Но разве это не обосновано, мог бы воскликнуть пылкий защитник рационализма и науки? Разве не существует громадной разницы между наукой, с одной стороны, и религией, магией, мифом — с другой? Не является ли эта разница столь очевидной, что вовсе не обязательно указывать на нее и бессмысленно отрицать ее? Не выражается ли эта разница в том, что магия, религия, мифологическое мировоззрение только лишь пытались вступить в контакт с реальностью, а наука преуспела в этом и далеко их превзошла? Не является ли поэтому не только оправданным, но даже необходимым устранение из центра общественной жизни онтологически перспективной религии; мифа, претендующего на описание мира; конкурирующей с наукой системы магии, и замена их наукой? Примерно такие вопросы «образованные» либералы (и «образованные» марксисты) будут использовать при выступлении против любой формы свободы, которая приходит в столкновение с центральным положением науки и (либерального или марксистского) рационализма.

В этих риторических вопросах содержатся три допущения.

Допущение А: научный рационализм превосходит альтернативные традиции.

Допущение Б: его нельзя улучшить посредством сравнения и/или соединения с альтернативными традициями.

Допущение В: вследствие его преимуществ он должен быть признан в качестве основы общественной жизни и образования.

Ниже я попытаюсь показать, что ни допущение А, ни допущение Б не согласуются с «фактами», если «факты» определены в соответствии с рационализмом того типа, который неявно содержится в А и Б: рационалисты и сциентисты не могут рационально (научно) обосновать уникальное положение их любимой идеологии.

Допустим, однако, что они могут это сделать. Следует ли отсюда, что их идеология должна быть навязана каждому человеку (вопрос В)? Не правильнее ли считать, что традициям, наполняющим жизнь людей, должны быть предоставлены равные права и равные возможности в обществе независимо от того, что думают по их поводу представители каких-то других традиций? Не должны ли мы требовать, чтобы идеи и обычаи, которые наполняют содержанием жизни людей, были полноправными членами свободного общества независимо от того, что думают по их поводу представители других традиций?

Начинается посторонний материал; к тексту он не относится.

(* Let $p>1$, $x^0\in\mathbb{R}^n$, and let $\varphi:\mathbb{R}^n\to\mathbb{R}\cup\{+\infty\}$ be a proper lower semicontinuous coercive function. If for some $r>0$ and $\lambda\in\mathbb{R}$ we have $\{x:\varphi(x)\le\varphi(x^0)+\lambda\}\subseteq\mathbb{B}(0;r)$, then there exists $\hat\gamma>0$ such that for each $\gamma\in(0,\hat\gamma]$, $\{x:\varphi^p_\gamma(x)\le\varphi^p_\gamma(x^0)+\lambda\}\subseteq\mathbb{B}(0;r)$.
   Context: $\varphi^p_\gamma(x):=\inf_{y\in\mathbb{R}^n}\big(\varphi(y)+\frac{1}{p\gamma}\|x-y\|^p\big)$ (high-order Moreau envelope); $\mathbb{B}(0;r)$ is the open Euclidean ball of radius $r$ centered at the origin. *)

From HB Require Import structures.
From mathcomp Require Import all_boot all_order all_algebra.
From mathcomp Require Import all_classical all_reals all_analysis.
Set Implicit Arguments. Unset Strict Implicit. Unset Printing Implicit Defensive.
Import Order.TTheory GRing.Theory Num.Theory.
Local Open Scope classical_set_scope.
Local Open Scope ring_scope.

Definition enorm {R : realType} {n : nat} (x : 'rV[R]_n) : R :=
  Num.sqrt (\sum_(i < n) x ord0 i ^+ 2).

(* phi : R^n -> R u {+oo} : extended-real valued, never -oo *)
Definition no_minf {R : realType} {n : nat} (phi : 'rV[R]_n -> \bar R) : Prop :=
  forall x, phi x != -oo%E.

Definition proper_fun {R : realType} {n : nat} (phi : 'rV[R]_n -> \bar R) : Prop :=
  no_minf phi /\ exists x, phi x != +oo%E.

Definition lsc {R : realType} {n : nat} (phi : 'rV[R]_n -> \bar R) : Prop :=
  forall x (t : R), (t%:E < phi x)%E ->
    exists2 d : R, 0 < d & forall y, enorm (y - x) < d -> (t%:E < phi y)%E.

Definition coercive {R : realType} {n : nat} (phi : 'rV[R]_n -> \bar R) : Prop :=
  forall M : R, exists R0 : R, forall x, R0 < enorm x -> (M%:E <= phi x)%E.

Definition moreau {R : realType} {n : nat} (phi : 'rV[R]_n -> \bar R)
    (p gamma : R) (x : 'rV[R]_n) : \bar R :=
  ereal_inf [set (phi y + ((enorm (x - y)) `^ p / (p * gamma))%:E)%E | y in [set: 'rV[R]_n]].

Definition euclid_ball0 {R : realType} {n : nat} (r : R) : set 'rV[R]_n :=
  [set x | enorm x < r].

(* Put c := phi x0 + lam, so that phi > c outside B(0; r).  Lower semicontinuity
   on a compact annulus, together with coercivity, makes this margin uniform: there
   are eta > 0 and L > c such that phi >= L within distance eta of every x outside
   the ball; moreover phi is bounded below by some m.  For such x, every y either
   lies within eta of x, so that phi y >= L, or pays the penalty
   |x - y|^p / (p gamma) >= eta^p / (p gamma) >= L - m once gamma is small.  Hence
   the envelope at x is at least L > c, whereas the envelope at x0 is at most phi x0. *)

From HB Require Import structures.
From mathcomp Require Import all_boot all_order all_algebra.
From mathcomp Require Import all_classical all_reals all_analysis.
From mathcomp Require Import lra ring finmap.
Import Order.TTheory GRing.Theory Num.Theory numFieldNormedType.Exports.
Local Open Scope classical_set_scope.
Local Open Scope ring_scope.

Section EuclideanNorm.
Context {R : realType} {n : nat}.
Implicit Types x y : 'rV[R]_n.

Lemma enorm_ge0 x : 0 <= enorm x.
Proof. exact: sqrtr_ge0. Qed.

Lemma enorm_sqr x : enorm x ^+ 2 = \sum_(i < n) x ord0 i ^+ 2.
Proof. by rewrite sqr_sqrtr // sumr_ge0 // => i _; rewrite sqr_ge0. Qed.

Lemma enorm0 : enorm (0 : 'rV[R]_n) = 0.
Proof. by rewrite /enorm big1 ?sqrtr0 // => i _; rewrite mxE expr0n. Qed.

Lemma enorm_distC x y : enorm (x - y) = enorm (y - x).
Proof.
by rewrite /enorm; congr Num.sqrt; apply: eq_bigr => i _; rewrite !mxE -sqrrN opprB.
Qed.

Lemma CauchySchwarz_sqr x y :
  (\sum_(i < n) x ord0 i * y ord0 i) ^+ 2 <=
  (\sum_(i < n) x ord0 i ^+ 2) * (\sum_(i < n) y ord0 i ^+ 2).
Proof.
pose g i j := x ord0 i ^+ 2 * y ord0 j ^+ 2 -
              x ord0 i * y ord0 i * (x ord0 j * y ord0 j).
have -> : (\sum_(i < n) x ord0 i ^+ 2) * (\sum_(i < n) y ord0 i ^+ 2) =
    (\sum_(i < n) x ord0 i * y ord0 i) ^+ 2 + \sum_(i < n) \sum_(j < n) g i j.
  rewrite [in RHS]expr2 !big_distrlr -big_split /=; apply: eq_bigr => i _.
  rewrite -big_split; apply: eq_bigr => j _; by rewrite /= addrC subrK.
(* Lagrange's identity: the double sum is half a sum of squares. *)
rewrite lerDl -(pmulrn_lge0 _ (ltn0Sn 1)) mulr2n [X in _ + X]exchange_big.
rewrite -big_split; apply: sumr_ge0 => i _; rewrite -big_split; apply: sumr_ge0 => j _ /=.
have -> : g i j + g j i = (x ord0 i * y ord0 j - x ord0 j * y ord0 i) ^+ 2.
  by rewrite /g; ring.
exact: sqr_ge0.
Qed.

Lemma CauchySchwarz_enorm x y :
  \sum_(i < n) x ord0 i * y ord0 i <= enorm x * enorm y.
Proof.
rewrite /enorm -sqrtrM; last by rewrite sumr_ge0 // => i _; rewrite sqr_ge0.
apply: le_trans (ler_norm _) _; rewrite -sqrtr_sqr ler_sqrt ?CauchySchwarz_sqr //.
by rewrite mulr_ge0 // sumr_ge0 // => i _; rewrite sqr_ge0.
Qed.

Lemma ler_enormD x y : enorm (x + y) <= enorm x + enorm y.
Proof.
rewrite -(@ler_pXn2r _ 2) ?nnegrE ?addr_ge0 ?enorm_ge0 //.
have expand : \sum_(i < n) (x + y) ord0 i ^+ 2 = \sum_(i < n) x ord0 i ^+ 2 +
    \sum_(i < n) y ord0 i ^+ 2 + (\sum_(i < n) x ord0 i * y ord0 i) *+ 2.
  rewrite -sumrMnl -!big_split /=; apply: eq_bigr => i _.
  by rewrite mxE !mulr2n; ring.
by rewrite enorm_sqr expand sqrrD !enorm_sqr [X in _ <= X]addrAC lerD2l lerMn2r CauchySchwarz_enorm orbT.
Qed.

Lemma ler_enorm_dist x y : `|enorm x - enorm y| <= enorm (x - y).
Proof.
have := ler_enormD (x - y) y; have := ler_enormD (y - x) x.
rewrite !subrK enorm_distC ler_norml; lra.
Qed.

Lemma normr_coord_le_enorm x i : `|x ord0 i| <= enorm x.
Proof.
rewrite -sqrtr_sqr /enorm ler_sqrt; last by rewrite sumr_ge0 // => j _; rewrite sqr_ge0.
by rewrite (bigD1 i) //= lerDl sumr_ge0 // => j _; rewrite sqr_ge0.
Qed.

Lemma mx_norm_le_enorm x : `|x| <= enorm x.
Proof.
rewrite [leLHS]/Num.Def.normr /= mx_normrE.
by apply: bigmax_le => [|[a i] _]; rewrite ?enorm_ge0 // (ord1 a) normr_coord_le_enorm.
Qed.

Lemma enorm_le_mx_norm x : enorm x <= n%:R * `|x|.
Proof.
have coord_le i : `|x ord0 i| <= `|x|.
  by rewrite [leRHS]/Num.Def.normr /= mx_normrE; apply/bigmax_geP; right; exists (ord0, i).
rewrite /enorm -[leRHS]ger0_norm ?mulr_ge0 // -sqrtr_sqr ler_sqrt ?sqr_ge0 //.
apply: (@le_trans _ _ (\sum_(i < n) `|x| ^+ 2)).
  by apply: ler_sum => i _; rewrite -real_normK ?num_real // lerXn2r ?nnegrE.
rewrite sumr_const card_ord exprMn -[leLHS]mulr_natl ler_wpM2r ?sqr_ge0 //.
by rewrite -natrX ler_nat; case: n => // k; rewrite expnS leq_pmulr.
Qed.

Lemma enorm_continuous : continuous (@enorm R n).
Proof.
move=> x; apply/(@cvgrPdist_lt _ _ _ _ (nbhs_filter x)) => e e0.
apply/nbhs_ballP; exists (e / n.+1%:R); first by rewrite /= divr_gt0.
move=> y; rewrite -ball_normE /= => xy.
apply: le_lt_trans (ler_enorm_dist _ _) _; apply: le_lt_trans (enorm_le_mx_norm _) _.
apply: le_lt_trans (_ : n.+1%:R * `|x - y| < e).
  by rewrite ler_wpM2r ?normr_ge0 // ler_nat.
by rewrite mulrC -ltr_pdivlMr.
Qed.

Lemma open_enorm_ball y d : open [set z | enorm (z - y) < d].
Proof.
rewrite (_ : [set z | _] = (fun z => enorm (z - y)) @^-1` [set t | t < d]) //.
apply: open_comp; last exact: open_lt.
move=> z _; apply: continuous_comp; last exact: enorm_continuous.
by apply: continuousB; [exact: cvg_id | exact: cst_continuous].
Qed.

Lemma compact_enorm_annulus (a b : R) :
  compact [set y : 'rV[R]_n | a <= enorm y <= b].
Proof.
apply: bounded_closed_compact.
  exists b; split; first exact: num_real.
  move=> M bM y /andP[_ yb]; apply: le_trans (mx_norm_le_enorm y) _.
  by apply: le_trans yb _; exact: ltW.
have -> : [set y : 'rV[R]_n | a <= enorm y <= b] =
    enorm @^-1` [set t | a <= t] `&` enorm @^-1` [set t | t <= b].
  by apply/seteqP; split => y /=; [case/andP | case=> -> ->].
apply: closedI; apply: preimage_closed;
  by [move=> y _; exact: enorm_continuous | exact: closed_ge | exact: closed_le].
Qed.

End EuclideanNorm.

Lemma ereal_between {R : realType} {a b : \bar R} :
  (a < b)%E -> exists2 t : R, (a < t%:E)%E & (t%:E < b)%E.
Proof.
case: a b => [a| |] [b| |] //= ab; rewrite ?lte_fin in ab.
- by exists ((a + b) / 2); rewrite lte_fin; lra.
- by exists (a + 1); rewrite ?ltry // lte_fin; lra.
- by exists (b - 1); rewrite ?ltNyr // lte_fin; lra.
- by exists 0; rewrite ?ltry ?ltNyr.
Qed.

Section LowerSemicontinuity.
Context {R : realType} {n : nat}.
Implicit Types (f : 'rV[R]_n -> \bar R) (K : set 'rV[R]_n).

Lemma lsc_compact_uniform_gt {f K} (c : \bar R) :
  c != +oo%E -> lsc f -> compact K -> (forall y, K y -> (c < f y)%E) ->
  exists2 eta : R, 0 < eta & exists2 m : R, (c < m%:E)%E &
    forall y z, K y -> enorm (z - y) < eta -> (m%:E < f z)%E.
Proof.
move=> cNy lsc_f cpt_K f_gt_c.
have local y : exists td : R * R, K y ->
    [/\ (c < td.1%:E)%E, 0 < td.2 &
        forall z, enorm (z - y) < td.2 -> (td.1%:E < f z)%E].
  have [Ky|nKy] := pselect (K y); last by exists (0, 0) => /nKy.
  have [t ct tf] := ereal_between (f_gt_c y Ky).
  by have [d d0 fd] := lsc_f y t tf; exists (t, d).
have [td tdP] := choice local.
(* Half radii: a point within [eta] of [ball i] is within [(td i).2] of [i]. *)
pose ball y := [set z | enorm (z - y) < (td y).2 / 2].
have [D DK KD] : exists2 D : {fset 'rV[R]_n}, {subset D <= K} &
    K `<=` \bigcup_(y in [set` D]) ball y.
  rewrite compact_cover in cpt_K; apply: (cpt_K _ K ball) => [y _|y Ky].
    exact: open_enorm_ball.
  by exists y => //; rewrite /ball /= subrr enorm0 divr_gt0 //; case: (tdP y Ky).
have [t0 ct0 _] : exists2 t0 : R, (c < t0%:E)%E & (t0%:E < +oo)%E.
  by apply: ereal_between; rewrite ltey.
pose eta := \big[Num.min/1]_(y <- D) ((td y).2 / 2).
pose m := \big[Num.min/t0]_(y <- D) (td y).1.
exists eta.
  rewrite /eta big_seq; elim/big_ind: _ => // [a b a0 b0|y /DK/set_mem Ky].
    by rewrite lt_min a0 b0.
  by case: (tdP y Ky) => _ d0 _; rewrite divr_gt0.
exists m.
  rewrite /m big_seq; elim/big_ind: _ => // [a b ca cb|y /DK/set_mem Ky].
    by rewrite EFin_min lt_min ca cb.
  by case: (tdP y Ky).
move=> y z Ky zy; have [i Di yi] := KD y Ky; have [_ _ f_gt] := tdP i (set_mem (DK i Di)).
apply: le_lt_trans (f_gt z _); first by rewrite lee_fin ge_bigmin_seq.
have eta_le : eta <= (td i).2 / 2 by rewrite ge_bigmin_seq.
have := ler_enormD (z - y) (y - i); rewrite addrA subrK /ball /= in yi *; lra.
Qed.

Lemma lsc_coercive_bounded_below {f} :
  no_minf f -> lsc f -> coercive f -> exists m : R, forall y, (m%:E <= f y)%E.
Proof.
move=> f_gtNy lsc_f coer_f; have [R0 f_ge0] := coer_f 0.
have f_gtNy_ball y : 0 <= enorm y <= R0 -> (-oo < f y)%E.
  by rewrite ltNye f_gtNy.
have [eta eta_gt0 [m _ f_gt_m]] := lsc_compact_uniform_gt -oo%E isT lsc_f
  (compact_enorm_annulus 0 R0) f_gtNy_ball.
exists (Num.min m 0) => y; have [yR0|yR0] := ltP R0 (enorm y).
  by apply: le_trans (f_ge0 y yR0); rewrite lee_fin ge_min lexx orbT.
apply/ltW/(le_lt_trans _ (f_gt_m y y _ _)); first by rewrite lee_fin ge_min lexx.
  by rewrite /= enorm_ge0.
by rewrite subrr enorm0.
Qed.

Lemma lsc_coercive_gt_near_exterior {f} (c r : R) :
  lsc f -> coercive f -> (forall y, r <= enorm y -> (c%:E < f y)%E) ->
  exists2 eta : R, 0 < eta & exists2 L : R, c < L &
    forall x, r <= enorm x -> forall y, enorm (x - y) < eta -> (L%:E <= f y)%E.
Proof.
move=> lsc_f coer_f f_gt_c; have [R0 f_ge] := coer_f (c + 1).
have f_gt_c_annulus y : r <= enorm y <= R0 + 1 -> (c%:E < f y)%E.
  by case/andP => /f_gt_c.
have [eta eta_gt0 [m c_lt_m f_gt_m]] := lsc_compact_uniform_gt c%:E isT lsc_f
  (compact_enorm_annulus r (R0 + 1)) f_gt_c_annulus.
exists (Num.min eta 1); first by rewrite lt_min eta_gt0 ltr01.
exists (Num.min m (c + 1)); first by rewrite lt_min -lte_fin c_lt_m /=; lra.
move=> x rx y; rewrite lt_min => /andP[xy_eta xy_1].
have [yR0|yR0] := ltP R0 (enorm y).
  by apply: le_trans (f_ge y yR0); rewrite lee_fin ge_min lexx orbT.
apply/ltW/(le_lt_trans _ (f_gt_m x y _ _)); first by rewrite lee_fin ge_min lexx.
  by have := ler_enormD (x - y) y; rewrite subrK /= rx /=; lra.
by rewrite enorm_distC.
Qed.

End LowerSemicontinuity.

Section MoreauEnvelope.
Context {R : realType} {n : nat}.
Implicit Types (phi : 'rV[R]_n -> \bar R) (x : 'rV[R]_n).

Lemma moreau_le phi (p gamma : R) x :
  0 < p -> (moreau phi p gamma x <= phi x)%E.
Proof.
move=> p_gt0; apply: ge_ereal_inf; exists (phi x) => //; exists x => //.
by rewrite subrr enorm0 powR0 ?gt_eqF // mul0r adde0.
Qed.

Lemma le_moreau {phi} {p gamma eta m L : R} {x} :
  0 < p -> 0 < gamma -> 0 <= eta ->
  (forall y, (m%:E <= phi y)%E) ->
  (forall y, enorm (x - y) < eta -> (L%:E <= phi y)%E) ->
  L - m <= eta `^ p / (p * gamma) -> (L%:E <= moreau phi p gamma x)%E.
Proof.
move=> p_gt0 gamma_gt0 eta_ge0 phi_ge_m phi_ge_L gap.
apply: le_ereal_inf_tmp => _ [y _ <-].
have pg_gt0 : 0 < p * gamma by rewrite mulr_gt0.
have [near|far] := ltP (enorm (x - y)) eta.
  apply: le_trans (leeDl _ _); first exact: phi_ge_L.
  by rewrite lee_fin divr_ge0 ?powR_ge0 ?ltW.
rewrite -[L](subrK m) addrC EFinD; apply: leeD => //; rewrite lee_fin.
apply: (le_trans gap); rewrite ler_pM2r ?invr_gt0 //.
by apply: ge0_ler_powR; rewrite ?nnegrE ?enorm_ge0 // ltW.
Qed.

End MoreauEnvelope.

Lemma penalty_ge_near0 {R : realType} (p eta d : R) : 0 < p -> 0 < eta ->
  exists2 ghat : R, 0 < ghat &
    forall gamma, 0 < gamma -> gamma <= ghat -> d <= eta `^ p / (p * gamma).
Proof.
move=> p_gt0 eta_gt0; have A_gt0 : 0 < eta `^ p by rewrite powR_gt0.
have d1_gt0 : 0 < `|d| + 1 by rewrite ltr_wpDl.
exists (eta `^ p / (p * (`|d| + 1))); first by rewrite !divr_gt0 ?mulr_gt0.
move=> gamma gamma_gt0; rewrite ler_pdivlMr ?mulr_gt0 // => small.
have : `|d| + 1 <= eta `^ p / (p * gamma).
  rewrite ler_pdivlMr ?mulr_gt0 //.
  by have -> : (`|d| + 1) * (p * gamma) = gamma * (p * (`|d| + 1)) by ring.
have := ler_norm d; lra.
Qed.

Theorem corollary1 (R : realType) (n : nat) (p : R) (x0 : 'rV[R]_n)
  (phi : 'rV[R]_n -> \bar R) (r lam : R) :
  1 < p -> proper_fun phi -> lsc phi -> coercive phi -> 0 < r ->
  [set x | (phi x <= phi x0 + lam%:E)%E] `<=` euclid_ball0 r ->
  exists2 ghat : R, 0 < ghat &
    forall gamma : R, 0 < gamma -> gamma <= ghat ->
      [set x | (moreau phi p gamma x <= moreau phi p gamma x0 + lam%:E)%E]
        `<=` euclid_ball0 r.
Proof.
move=> p_gt1 [phi_gtNy _] lsc_phi coer_phi r_gt0 sublevel_in_ball.
have p_gt0 : 0 < p by lra.
have [phix0_y|phix0_fin] := eqVneq (phi x0) +oo%E.
  exists 1 => // gamma _ _ x _; apply: sublevel_in_ball.
  by rewrite /= phix0_y addye ?leey.
set c := fine (phi x0) + lam.
have phix0_lam : (phi x0 + lam%:E)%E = c%:E.
  by rewrite -{1}[phi x0]fineK ?fin_numE ?phix0_fin ?phi_gtNy.
have phi_gt_c y : r <= enorm y -> (c%:E < phi y)%E.
  move=> ry; rewrite ltNge -phix0_lam; apply/negP => /sublevel_in_ball.
  by rewrite /euclid_ball0 /=; lra.
have [m phi_ge_m] := lsc_coercive_bounded_below phi_gtNy lsc_phi coer_phi.
have [eta eta_gt0 [L c_lt_L phi_ge_L]] :=
  lsc_coercive_gt_near_exterior c r lsc_phi coer_phi phi_gt_c.
have [ghat ghat_gt0 penalty] := penalty_ge_near0 p eta (L - m) p_gt0 eta_gt0.
exists ghat => // gamma gamma_gt0 gamma_le x /= Mx_le.
rewrite /euclid_ball0 /= ltNge; apply/negP => rx.
have L_le_Mx := le_moreau p_gt0 gamma_gt0 (ltW eta_gt0) phi_ge_m (phi_ge_L x rx)
  (penalty _ gamma_gt0 gamma_le).
have := le_trans L_le_Mx (le_trans Mx_le (leeD2r _ (moreau_le phi p gamma x0 p_gt0))).
by rewrite phix0_lam lee_fin; lra.
Qed.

Имеется немало людей, рассматривающих такие вопросы как пропаганду релятивизма. Переформулируя их в своих собственных терминах, они спрашивают нас, не хотим ли мы предоставить лжи такие же права, как и истине, или не хотим ли мы рассматривать сны как постижение реальности. С самого начала зарождения западной цивилизации инсинуации подобного рода использовались для защиты одной точки зрения, одного способа действий, одного способа мышления и действия с целью исключить все остальное[128]. Ладно, примем вызов и посмотрим более внимательно на это ужасное чудовище — релятивизм.